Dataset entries
((

Lemma Rle_div_mult a b c : 0 < c -> a <= b / c -> a * c <= b.
Proof.
  intros Hc H. apply (Rmult_le_compat_r c) in H; [|lra].
  replace (b / c * c) with b in H by (field; lra). exact H.
Qed.

Lemma enorm_nonneg u : 0 <= enorm u.
Proof. apply sqrt_pos. Qed.

Lemma enorm_sqr u : enorm u * enorm u = dot u u.
Proof. apply sqrt_sqrt. unfold dot; nra. Qed.

Lemma enorm_scale k u : 0 <= k -> enorm (scale k u) = k * enorm u.
Proof.
  intros Hk. unfold enorm.
  replace (dot (scale k u) (scale k u)) with (k * k * dot u u) by (unfold dot, scale; simpl; ring).
  rewrite sqrt_mult_alt by nra. rewrite sqrt_square by lra. reflexivity.
Qed.

Lemma dot_scale_r u k w : dot u (scale k w) = k * dot u w.
Proof. unfold dot, scale; simpl; ring. Qed.

Lemma enorm_vsub_sym a b : enorm (vsub a b) = enorm (vsub b a).
Proof. unfold enorm, dot, vsub; f_equal; simpl; ring. Qed.

Lemma enorm_vsub_diag p : enorm (vsub p p) = 0.
Proof. unfold enorm, dot, vsub; simpl. rewrite <- sqrt_0. f_equal; ring. Qed.

Lemma Rabs_px_le_enorm u : Rabs (px u) <= enorm u.
Proof. rewrite <- sqrt_Rsqr_abs. apply sqrt_le_1_alt. unfold Rsqr, dot; nra. Qed.

Lemma Rabs_py_le_enorm u : Rabs (py u) <= enorm u.
Proof. rewrite <- sqrt_Rsqr_abs. apply sqrt_le_1_alt. unfold Rsqr, dot; nra. Qed.

Lemma enorm_le_Rabs_sum u : enorm u <= Rabs (px u) + Rabs (py u) + Rabs (pz u).
Proof.
  pose proof (Rabs_pos (px u)); pose proof (Rabs_pos (py u)); pose proof (Rabs_pos (pz u)).
  unfold enorm. rewrite <- (sqrt_Rsqr (Rabs (px u) + Rabs (py u) + Rabs (pz u))) by lra.
  apply sqrt_le_1_alt. unfold dot.
  pose proof (Rsqr_abs (px u)); pose proof (Rsqr_abs (py u)); pose proof (Rsqr_abs (pz u)).
  unfold Rsqr in *. nra.
Qed.

Lemma Cauchy_Schwarz u w : - (enorm u * enorm w) <= dot u w <= enorm u * enorm w.
Proof.
  pose proof (enorm_sqr u); pose proof (enorm_sqr w).
  pose proof (enorm_nonneg u); pose proof (enorm_nonneg w).
  assert (Hsq : dot u w * dot u w <= (enorm u * enorm w) * (enorm u * enorm w)).
  { replace ((enorm u * enorm w) * (enorm u * enorm w))
      with ((enorm u * enorm u) * (enorm w * enorm w)) by ring.
    rewrite H, H0. destruct u as [a1 a2 a3], w as [b1 b2 b3]; unfold dot; simpl.
    (* Lagrange's identity *)
    assert (E : (a1*a1+a2*a2+a3*a3)*(b1*b1+b2*b2+b3*b3) - (a1*b1+a2*b2+a3*b3)*(a1*b1+a2*b2+a3*b3)
      = (a1*b2-a2*b1)*(a1*b2-a2*b1) + (a1*b3-a3*b1)*(a1*b3-a3*b1) + (a2*b3-a3*b2)*(a2*b3-a3*b2))
      by ring.
    pose proof (Rle_0_sqr (a1*b2-a2*b1)); pose proof (Rle_0_sqr (a1*b3-a3*b1));
      pose proof (Rle_0_sqr (a2*b3-a3*b2)).
    unfold Rsqr in *. lra. }
  assert (0 <= enorm u * enorm w) by nra.
  split; nra.
Qed.

Lemma enorm_triangle u w : enorm u <= enorm w + enorm (vsub u w).
Proof.
  pose proof (Cauchy_Schwarz w (vsub u w)).
  pose proof (enorm_sqr u); pose proof (enorm_sqr w); pose proof (enorm_sqr (vsub u w)).
  pose proof (enorm_nonneg u); pose proof (enorm_nonneg w); pose proof (enorm_nonneg (vsub u w)).
  assert (dot u u = dot w w + 2 * dot w (vsub u w) + dot (vsub u w) (vsub u w))
    by (destruct u, w; unfold dot, vsub; simpl; ring).
  nra.
Qed.

Lemma near_axis_in_cone c u w : 0 <= c < 1 -> 0 < enorm w ->
  enorm (vsub u w) <= (1 - c) / 2 * enorm w -> dot u w >= c * enorm u * enorm w.
Proof.
  intros Hc Hw Hu.
  pose proof (Cauchy_Schwarz (vsub u w) w). pose proof (enorm_triangle u w).
  pose proof (enorm_sqr w). pose proof (enorm_nonneg (vsub u w)).
  assert (dot u w = dot w w + dot (vsub u w) w) by (destruct u, w; unfold dot, vsub; simpl; ring).
  assert (c * enorm u * enorm w <= c * (enorm w + enorm (vsub u w)) * enorm w).
  { apply Rmult_le_compat_r; [lra|]. apply Rmult_le_compat_l; lra. }
  nra.
Qed.

Lemma cos_acute_bounds b : 0 < b < PI / 2 -> 0 <= cos b < 1.
Proof.
  intros Hb. pose proof PI_RGT_0.
  assert (0 < cos b) by (apply cos_gt_0; lra).
  assert (0 < sin b) by (apply sin_gt_0; lra).
  pose proof (sin2_cos2 b). unfold Rsqr in *. nra.
Qed.

Lemma hinv_l q : hmul (hinv q) q = origin.
Proof. destruct q; unfold hmul, hinv, origin; simpl; f_equal; ring. Qed.

Lemma vsub_hmul p x : vsub (hmul p x) p = tau_lin p x.
Proof. destruct p, x; unfold vsub, hmul, tau_lin; simpl; f_equal; ring. Qed.

Lemma dil_origin l : dil l origin = origin.
Proof. unfold dil, origin; simpl; f_equal; ring. Qed.

Lemma dil_dil a b q : dil a (dil b q) = dil (a * b) q.
Proof. destruct q; unfold dil; simpl; f_equal; ring. Qed.

Lemma enorm_tau_lin_horizontal_pos p v : pz v = 0 -> v <> origin -> 0 < enorm (tau_lin p v).
Proof.
  intros Hv3 Hv0. pose proof (Rabs_px_le_enorm (tau_lin p v)). pose proof (Rabs_py_le_enorm (tau_lin p v)).
  simpl in *. destruct (Req_dec (px v) 0) as [E1|E1]; [destruct (Req_dec (py v) 0) as [E2|E2]|].
  - exfalso; apply Hv0. destruct v; simpl in *; subst; reflexivity.
  - pose proof (Rabs_pos_lt _ E2); lra.
  - pose proof (Rabs_pos_lt _ E1); lra.
Qed.

(* Such a [y] lies in the cone and in the neighbourhood given by [points_out], and is not [p]. *)
Lemma points_out_near_ray B p V : 0 < enorm V -> points_out B p V ->
  exists r c, 0 < r /\ 0 <= c < 1 /\
    forall y k, 0 < k -> 2 * k * enorm V < r ->
      enorm (vsub (vsub y p) (scale k V)) <= (1 - c) / 2 * (k * enorm V) -> ~ B y.
Proof.
  intros HV [U [beta [HUo [HUp [Hbeta HB]]]]].
  destruct (HUo p HUp) as [r [Hr HrU]].
  pose proof (cos_acute_bounds beta Hbeta) as Hc.
  exists r, (cos beta). split; [exact Hr|]. split; [exact Hc|].
  intros y k Hk Hkr Hdev HBy.
  set (u := vsub y p) in *.
  assert (HkV : enorm (scale k V) = k * enorm V) by (apply enorm_scale; lra).
  assert (HkVpos : 0 < k * enorm V) by nra.
  assert (Hfrac : (1 - cos beta) / 2 * (k * enorm V) < k * enorm V).
  { apply Rlt_le_trans with (1 * (k * enorm V)); [apply Rmult_lt_compat_r; lra | lra]. }
  assert (Hu_up : enorm u <= 2 * k * enorm V).
  { pose proof (enorm_triangle u (scale k V)). lra. }
  assert (Hu_low : 0 < enorm u).
  { pose proof (enorm_triangle (scale k V) u).
    rewrite (enorm_vsub_sym (scale k V) u) in H. lra. }
  assert (Hyp : y <> p).
  { intro E. unfold u in Hu_low. rewrite E, enorm_vsub_diag in Hu_low. lra. }
  apply Hyp, HB. split; [exact HBy|]. split.
  - unfold cone. fold u.
    pose proof (near_axis_in_cone (cos beta) u (scale k V) Hc
                    ltac:(rewrite HkV; lra) ltac:(rewrite HkV; lra)) as Hcone.
    rewrite dot_scale_r, HkV in Hcone.
    pose proof (enorm_nonneg u).
    assert (0 <= cos beta * enorm u * enorm V) by (apply Rmult_le_pos; [apply Rmult_le_pos|]; lra).
    apply Rle_ge. apply (Rmult_le_reg_l k); [lra|]. nra.
  - apply HrU. unfold edist. rewrite enorm_vsub_sym. fold u. lra.
Qed.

))

- WORK TASK -
For the word "replace", show every line of the entries that holds it.

- SOLUTION FOR THIS EXERCISE -
  replace (b / c * c) with b in H by (field; lra). exact H.
  replace (dot (scale k u) (scale k u)) with (k * k * dot u u) by (unfold dot, scale; simpl; ring).
  { replace ((enorm u * enorm w) * (enorm u * enorm w))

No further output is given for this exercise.